The last time DH and I were in Europe (far too long ago!) was 2005, shortly after the London Underground bombings. People were surprised to see Americans out and about, and disconcerned about the possibility of running into terrorists. Furthermore, they were surprised to hear that we weren't all approving of our CinC's attitude towards international relations. All we could say is that allowing jackhole terrorists to dictate the terms of a long-planned vacation would be playing into their hands. Trying not to be Ugly Americans abroad is better for foreign relations than posturing and saber-rattling.

TheMadLibrarian

Tim H. said...

I think the anathema that Daesh/ISIL unleashed in Paris is part of a recruiting drive, hoping for a right-wing backlash that would make the lives of ordinary muslims so unbearable that participating in the Daesh doomsday cult would seem preferable.
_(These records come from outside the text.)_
(* The identities (A6) $x\wedge(y\wedge z)\approx y\wedge(z\wedge x)$, (J5') $x\approx (x'\wedge y)'\wedge(x'\wedge y')'$ form a 2-base for the variety $\mathbb{BA}$ of Boolean algebras (in the language $\langle\wedge,{}'\rangle$).
   Context: Algebras are of type $\langle \wedge, {}'\rangle$ with $\wedge$ binary and ${}'$ unary. The variety $\mathbb{BA}$ of Boolean algebras in this language consists of the algebras $\langle B,\wedge,{}'\rangle$ obtained from Boolean algebras by keeping only meet and complement (equivalently, the variety generated by the two-element Boolean algebra with meet and complement). A base for a variety is an independent set of identities (no identity in the set follows from the others) that defines the variety; an $n$-base is a base with exactly $n$ identities. *)

From Stdlib Require Import List Bool.
Import ListNotations.

Inductive term : Type :=
| Var : nat -> term
| Meet : term -> term -> term
| Comp : term -> term.

Record algebra : Type := Algebra {
  carrier :> Type;
  ameet : carrier -> carrier -> carrier;
  acomp : carrier -> carrier
}.

Fixpoint eval (A : algebra) (v : nat -> A) (t : term) : A :=
  match t with
  | Var n => v n
  | Meet s u => ameet A (eval A v s) (eval A v u)
  | Comp s => acomp A (eval A v s)
  end.

Definition identity : Type := (term * term)%type.

Definition satisfies (A : algebra) (e : identity) : Prop :=
  forall v : nat -> A, eval A v (fst e) = eval A v (snd e).

Definition models (A : algebra) (E : list identity) : Prop :=
  forall e, In e E -> satisfies A e.

Definition consequence (E : list identity) (e : identity) : Prop :=
  forall A : algebra, models A E -> satisfies A e.

Definition two : algebra := Algebra bool andb negb.

(* The variety BA = the variety generated by the two-element Boolean algebra,
   i.e. the class of algebras satisfying every identity true in [two]. *)
Definition in_BA (A : algebra) : Prop :=
  forall e : identity, satisfies two e -> satisfies A e.

Definition defines (E : list identity) (V : algebra -> Prop) : Prop :=
  forall A : algebra, models A E <-> V A.

Definition remove_at {X : Type} (i : nat) (l : list X) : list X :=
  firstn i l ++ skipn (S i) l.

Definition independent (E : list identity) : Prop :=
  forall i d, i < length E -> ~ consequence (remove_at i E) (nth i E d).

Definition is_base (E : list identity) (V : algebra -> Prop) : Prop :=
  defines E V /\ independent E.

Definition is_n_base (n : nat) (E : list identity) (V : algebra -> Prop) : Prop :=
  length E = n /\ is_base E V.

Definition x := Var 0.
Definition y := Var 1.
Definition z := Var 2.

Definition A6 : identity := (Meet x (Meet y z), Meet y (Meet z x)).

Definition J5' : identity :=
  (x, Meet (Comp (Meet (Comp x) y)) (Comp (Meet (Comp x) (Comp y)))).

(* (A6) says that [x (y z)] is invariant under cyclic rotation, and (J5') is
   the meet-dual of Huntington's axiom.  Writing an element as
   [x = (x' y)' (x' y')'] and rotating products around this decomposition gives
   [z x x = z (x x)], then [x x y = x (x y)], and finally commutativity, hence
   associativity.  A commutative semigroup with Huntington's axiom is Boolean:
   complement is an involution, [x x'] is a constant absorbing element whose
   complement is a unit, and meet is idempotent.  So every element is determined
   by its meets with the minterms of the variables, and each minterm either
   absorbs or annihilates a term according to the value of the term in the
   two-element algebra; this proves completeness.  Independence: the left
   projection with identity complement satisfies (J5') but not (A6), and the
   constantly false meet with negation satisfies (A6) but not (J5'). *)

From Stdlib Require Import ssreflect Arith Lia List.
Import ListNotations.

Local Notation "x * y" := (ameet _ x y) (at level 40, left associativity).
Local Notation "x ^'" := (acomp _ x) (at level 2, left associativity, format "x ^'").

Section Rotation.

Variable A : algebra.

Hypothesis meet_rotate : forall x y z : A, x * (y * z) = y * (z * x).
Hypothesis huntington : forall x y : A, (x^' * y)^' * (x^' * y^')^' = x.

Lemma huntington_rotate (x y z : A) : (x^' * y)^' * ((x^' * y^')^' * z) = z * x.
Proof. by rewrite meet_rotate meet_rotate huntington. Qed.

Lemma huntington_dn_meet (x y : A) : (x^' * y^'^')^' * x = (x^' * y)^' * x.
Proof. by rewrite -(huntington_rotate x y) huntington. Qed.

Lemma huntington_dn_rotate (x y z : A) :
  (x^' * y^'^')^' * z * x = x * ((x^' * y)^' * z).
Proof.
by rewrite -(huntington_rotate x y) (huntington_rotate x y^' z) [RHS]meet_rotate.
Qed.

Lemma huntington_dn_rotate_r (x y z : A) :
  x * (y * (x^' * z^'^')^') = y * ((x^' * z)^' * x).
Proof. by rewrite meet_rotate huntington_dn_meet. Qed.

Lemma huntington_dn_sq (x y : A) :
  (x^' * y^'^')^' * (x^' * y^'^'^'^'^')^' * x = x * x.
Proof.
rewrite huntington_dn_rotate huntington_dn_rotate_r -(meet_rotate x).
by rewrite huntington_dn_rotate_r -(meet_rotate x) huntington.
Qed.

Lemma meet_sq_r (x y : A) : x * y * y = x * (y * y).
Proof.
rewrite -(huntington_rotate y y^'^'^'^' x) huntington_dn_rotate.
by rewrite -[in RHS](huntington_dn_sq y y) -(meet_rotate y x) (meet_rotate x).
Qed.

Lemma meet_sq_l (x y : A) : x * x * y = x * (x * y).
Proof.
by rewrite -(huntington_rotate y x (x * x)) -meet_sq_r -(meet_rotate x) huntington_rotate.
Qed.

Lemma huntington_rotate_r (x y z : A) : (z * (x^' * y))^' * (x^' * (y * z)^')^' = x.
Proof. by rewrite meet_rotate huntington. Qed.

Lemma huntington_commute_r (x y : A) : (x^' * y^')^' * x = x * (x^' * y^')^'.
Proof. by rewrite -(huntington_rotate x y) -meet_sq_r huntington. Qed.

Lemma huntington_commute_l (x y : A) : (x^' * y)^' * x = x * (x^' * y)^'.
Proof.
(* [(x' y)'] is itself of the form [(x' w')'], which [huntington_commute_r] covers. *)
have split : x^' * ((x^' * y)^' * (x^' * y^')^'^')^' = x^' * y.
  by rewrite -{1}(huntington x y) (huntington (x^' * y)).
by have := huntington_commute_r x ((x^' * y)^' * (x^' * y^')^'^'); rewrite split.
Qed.

Lemma meet_sq_rotate (x y z : A) : x * (y * (x * z)) = z * (y * (x * x)).
Proof. by rewrite (meet_rotate y) -(meet_rotate (x * x)) meet_sq_l. Qed.

Lemma huntington_swap (x y z : A) : (x^' * y)^' * z * x = z * (x * (x^' * y)^').
Proof.
rewrite -(huntington_rotate x y) meet_sq_rotate (meet_rotate (x^' * y^')^').
by rewrite huntington huntington_commute_l.
Qed.

Lemma rotate_meetC (x y : A) : x * y = y * x.
Proof.
rewrite -[X in X * _ = _](huntington_rotate_r x x y^') huntington_swap.
by rewrite meet_rotate huntington_rotate_r.
Qed.

Lemma rotate_meetA (x y z : A) : x * (y * z) = x * y * z.
Proof. by rewrite [RHS]rotate_meetC [RHS]meet_rotate. Qed.

End Rotation.

Section Huntington.

Variable A : algebra.

Hypothesis meetC : forall x y : A, x * y = y * x.
Hypothesis meetA : forall x y z : A, x * (y * z) = x * y * z.
Hypothesis huntington : forall x y : A, (x^' * y)^' * (x^' * y^')^' = x.

Lemma meetCA (x y z : A) : x * (y * z) = y * (x * z).
Proof. by rewrite !meetA (meetC x). Qed.

Lemma huntington_sym (x y : A) : x * (x * y^')^' = y * (x^' * y)^'.
Proof.
rewrite -[X in X * _ = _](huntington x y) -[X in _ = X * _](huntington y x).
by rewrite (meetC y^' x) (meetC y^' x^') [LHS]meetC meetCA [LHS]meetC.
Qed.

Lemma compK (x : A) : x^'^' = x.
Proof.
have comp_comp2 (u : A) : u * u^' = u^' * u^'^'.
  have E : u^' * ((u^'^' * u^')^' * (u^' * u^'^'^')^') = u^'^' * u^'.
    by rewrite meetCA huntington_sym meetCA huntington.
  by move: E; rewrite (meetC u^'^' u^') huntington meetC => <-; rewrite meetC.
rewrite -[LHS](huntington x^'^' x^') -[RHS](huntington x x^'^').
by rewrite (meetC x^'^'^' x^') (meetC x^'^'^') -comp_comp2 meetC.
Qed.

Lemma huntington_compr (x y : A) : (x * y)^' * (x * y^')^' = x^'.
Proof. by have := huntington x^' y; rewrite compK. Qed.

Lemma meet_comp_const (x y : A) : x * x^' = y * y^'.
Proof.
rewrite -[X in _ * X = _](huntington_compr x y) meetCA huntington_sym meetCA.
by rewrite (meetC x y) (meetC x^' y) huntington_compr.
Qed.

Lemma meet_comp_absorb (x y : A) : x * (y * y^') = y * y^'.
Proof.
rewrite (meet_comp_const y x) meetA -[X in _ * X = _](huntington_compr x x) meetA.
by rewrite (meet_comp_const (x * x) x) (meet_comp_const (x * x^') x).
Qed.

Lemma huntington_comp_self (x y : A) : (x^' * x^')^' * (y * y^')^' = x.
Proof. by rewrite -(meet_comp_const x^' y) huntington. Qed.

Lemma meet_comp_unit (x y : A) : (y * y^')^' * x = x.
Proof.
have unit_idem : (y * y^')^' * (y * y^')^' = (y * y^')^'.
  by rewrite -[RHS](huntington (y * y^')^' y) compK !(meetC (y * y^')) !meet_comp_absorb.
by rewrite -[X in _ * X = _](huntington_comp_self x y) meetCA unit_idem huntington_comp_self.
Qed.

Lemma meet_idem (x : A) : x * x = x.
Proof.
have comp_meet_comp (u : A) : (u^' * u^')^' = u.
  by rewrite -[RHS](huntington_comp_self u u) meetC meet_comp_unit.
have := comp_meet_comp x^'; rewrite compK => comp_meet.
by rewrite -[LHS]compK comp_meet compK.
Qed.

Lemma meet_cases (u a c : A) : u * a = u * c -> u^' * a = u^' * c -> a = c.
Proof.
move=> Eu Eu'; rewrite -[a]compK -[c]compK.
by rewrite -(huntington_compr a u) -(huntington_compr c u) !(meetC a) !(meetC c) Eu Eu'.
Qed.

Definition lit (b : bool) (a : A) : A := if b then a else a^'.

Fixpoint minterm (v : nat -> A) (b : nat -> bool) (n : nat) : A :=
  match n with
  | 0 => lit (b 0) (v 0)
  | S k => minterm v b k * lit (b (S k)) (v (S k))
  end.

Lemma minterm_ext (v : nat -> A) (b c : nat -> bool) (n : nat) :
  (forall i, i <= n -> b i = c i) -> minterm v b n = minterm v c n.
Proof.
elim: n => [|k IH] bc /=; first by rewrite bc.
by rewrite IH ?bc // => i ?; apply: bc; lia.
Qed.

Lemma minterm_lit (v : nat -> A) (b : nat -> bool) (n i : nat) :
  i <= n -> minterm v b n * lit (b i) (v i) = minterm v b n.
Proof.
elim: n => [|k IH] le_in /=.
  have -> : i = 0 by lia.
  exact: meet_idem.
case: (Nat.eq_dec i (S k)) => [->|ne_ik]; first by rewrite -meetA meet_idem.
by rewrite -meetA (meetC _ (lit _ (v i))) meetA IH //; lia.
Qed.

Fixpoint max_var (t : term) : nat :=
  match t with
  | Var i => i
  | Meet s u => Nat.max (max_var s) (max_var u)
  | Comp s => max_var s
  end.

Lemma minterm_eval (v : nat -> A) (b : nat -> bool) (n : nat) (t : term) :
  max_var t <= n ->
  let m := minterm v b n in
  m * eval A v t = if eval two b t then m else m * m^'.
Proof.
move=> le_tn m; elim: t le_tn => [i|s IHs u IHu|s IHs] /= le_tn.
- have := minterm_lit v b n i le_tn; rewrite -/m.
  case: (b i) => //= E; rewrite -[in LHS]E.
  by rewrite -meetA (meetC _ (v i)) (meet_comp_const (v i) m) meet_comp_absorb.
- have -> : m * (eval A v s * eval A v u) = m * eval A v s * (m * eval A v u).
    by rewrite -[RHS]meetA (meetCA _ m) [RHS]meetA meet_idem.
  rewrite IHs ?IHu; try lia.
  case: (eval two b s); case: (eval two b u) => /=;
    by rewrite ?meet_idem ?meet_comp_absorb // meetC meet_comp_absorb.
- move: IHs => /(_ le_tn); case: (eval two b s) => /= E.
    by rewrite -[in LHS]E -meetA (meet_comp_const (eval A v s) m) meet_comp_absorb.
  have := huntington_compr m (eval A v s).
  rewrite E meet_comp_unit => E'.
  by rewrite -[LHS]compK E' compK.
Qed.

Lemma minterm_separate (v : nat -> A) (n : nat) (a c : A) :
  (forall b, minterm v b n * a = minterm v b n * c) -> a = c.
Proof.
elim: n a c => [|k IH] a c sep.
  by apply: (meet_cases (v 0)); [exact: (sep (fun _ => true)) | exact: (sep (fun _ => false))].
have sep_lit beta : lit beta (v (S k)) * a = lit beta (v (S k)) * c.
  apply: IH => b.
  set b' := fun i => if i =? S k then beta else b i.
  have b'_k : minterm v b' k = minterm v b k.
    by apply: minterm_ext => i le_ik; rewrite /b'; case: (Nat.eqb_spec i (S k)) => //; lia.
  by have := sep b'; rewrite /= b'_k /b' Nat.eqb_refl -!meetA.
by apply: (meet_cases (v (S k))); [exact: (sep_lit true) | exact: (sep_lit false)].
Qed.

Theorem huntington_in_BA : in_BA A.
Proof.
move=> [s t] two_st v; rewrite /satisfies /= in two_st *.
apply: (minterm_separate v (Nat.max (max_var s) (max_var t))) => b.
by rewrite !minterm_eval ?two_st //; lia.
Qed.

End Huntington.

Lemma models_A6_J5' (A : algebra) :
  models A [A6; J5'] ->
  (forall x y z : A, x * (y * z) = y * (z * x)) /\
  (forall x y : A, (x^' * y)^' * (x^' * y^')^' = x).
Proof.
move=> mod_A; split.
- move=> a b c.
  exact: (mod_A A6 (in_eq _ _) (fun n => match n with 0 => a | 1 => b | _ => c end)).
- move=> a b; symmetry.
  exact: (mod_A J5' (in_cons _ _ _ (in_eq _ _)) (fun n => match n with 0 => a | _ => b end)).
Qed.

Lemma two_models_A6_J5' : models two [A6; J5'].
Proof.
move=> e [<-|[<-|[]]] v; rewrite /= /x /y /z /=.
- by case: (v 0); case: (v 1); case: (v 2).
- by case: (v 0); case: (v 1).
Qed.

Lemma in_BA_models (E : list identity) (A : algebra) :
  models two E -> in_BA A -> models A E.
Proof. by move=> two_E BA_A e /two_E; apply: BA_A. Qed.

Lemma J5'_does_not_imply_A6 : ~ consequence [J5'] A6.
Proof.
move=> J5'_A6.
have left_proj : models (Algebra bool (fun a _ => a) (fun a => a)) [J5'].
  by move=> e [<-|[]] v.
by have := J5'_A6 _ left_proj (fun n => if n is 0 then true else false).
Qed.

Lemma A6_does_not_imply_J5' : ~ consequence [A6] J5'.
Proof.
move=> A6_J5'.
have meet_false : models (Algebra bool (fun _ _ => false) negb) [A6].
  by move=> e [<-|[]] v.
by have := A6_J5' _ meet_false (fun _ => true).
Qed.

Theorem theorem4p1 : is_n_base 2 [A6; J5'] in_BA.
Proof.
split=> //; split.
- move=> A; split.
  + case/models_A6_J5' => rotate hunt.
    exact: huntington_in_BA (rotate_meetC _ rotate hunt) (rotate_meetA _ rotate hunt) hunt.
  + exact: in_BA_models two_models_A6_J5'.
- move=> [|[|i]] d /= lt_i.
  + exact: J5'_does_not_imply_A6.
  + exact: A6_does_not_imply_J5'.
  + lia.
Qed.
Don't play into their hands.

David Brin said...

Laurent you have it right, re fascism… and let’s be honest… compulsion-based systems of the melft, as well. Their prescription boils down to command allocation via feudalism. And the vast number of tech empowered sons-and-daughters-of-Ben_Franklin would, in the west, swiftly make life hell for such tyrants.

I spent a month at the Hannah Arendt Center at Bard College and recalled that she sat next to my facther at the Eichmann trial, observing that evil can be so utterly… banal. That obedient functionaries are the core stuff of tyranny. And hence, our society’s almost instinctive immune response is to flock to theaters to reward films that preach Suspicion of Authority.

Oh, we saw Melissa McCarthy’s spoof SPY last night. Very entertaining! If a total remake of GET SMART.

Greg B. I fear that ISIS is under orders to seem outrageous so when the comparatively calm Saudi royal family steps up and says “Okay we’ll be Caliphs instead of them, the world will sigh and accept it.

Tony Fisk said...
This comment has been removed by the author.
Tony Fisk said...

What Deuxglass noted on the streets of Paris today was also noted by ABC correspondent Lisa Miller:

I saw a group of five 20-somethings having coffee just a block from where people had been attacked and killed sitting in those same kinds of seats.

I said to them: "Do you not feel a bit exposed here?"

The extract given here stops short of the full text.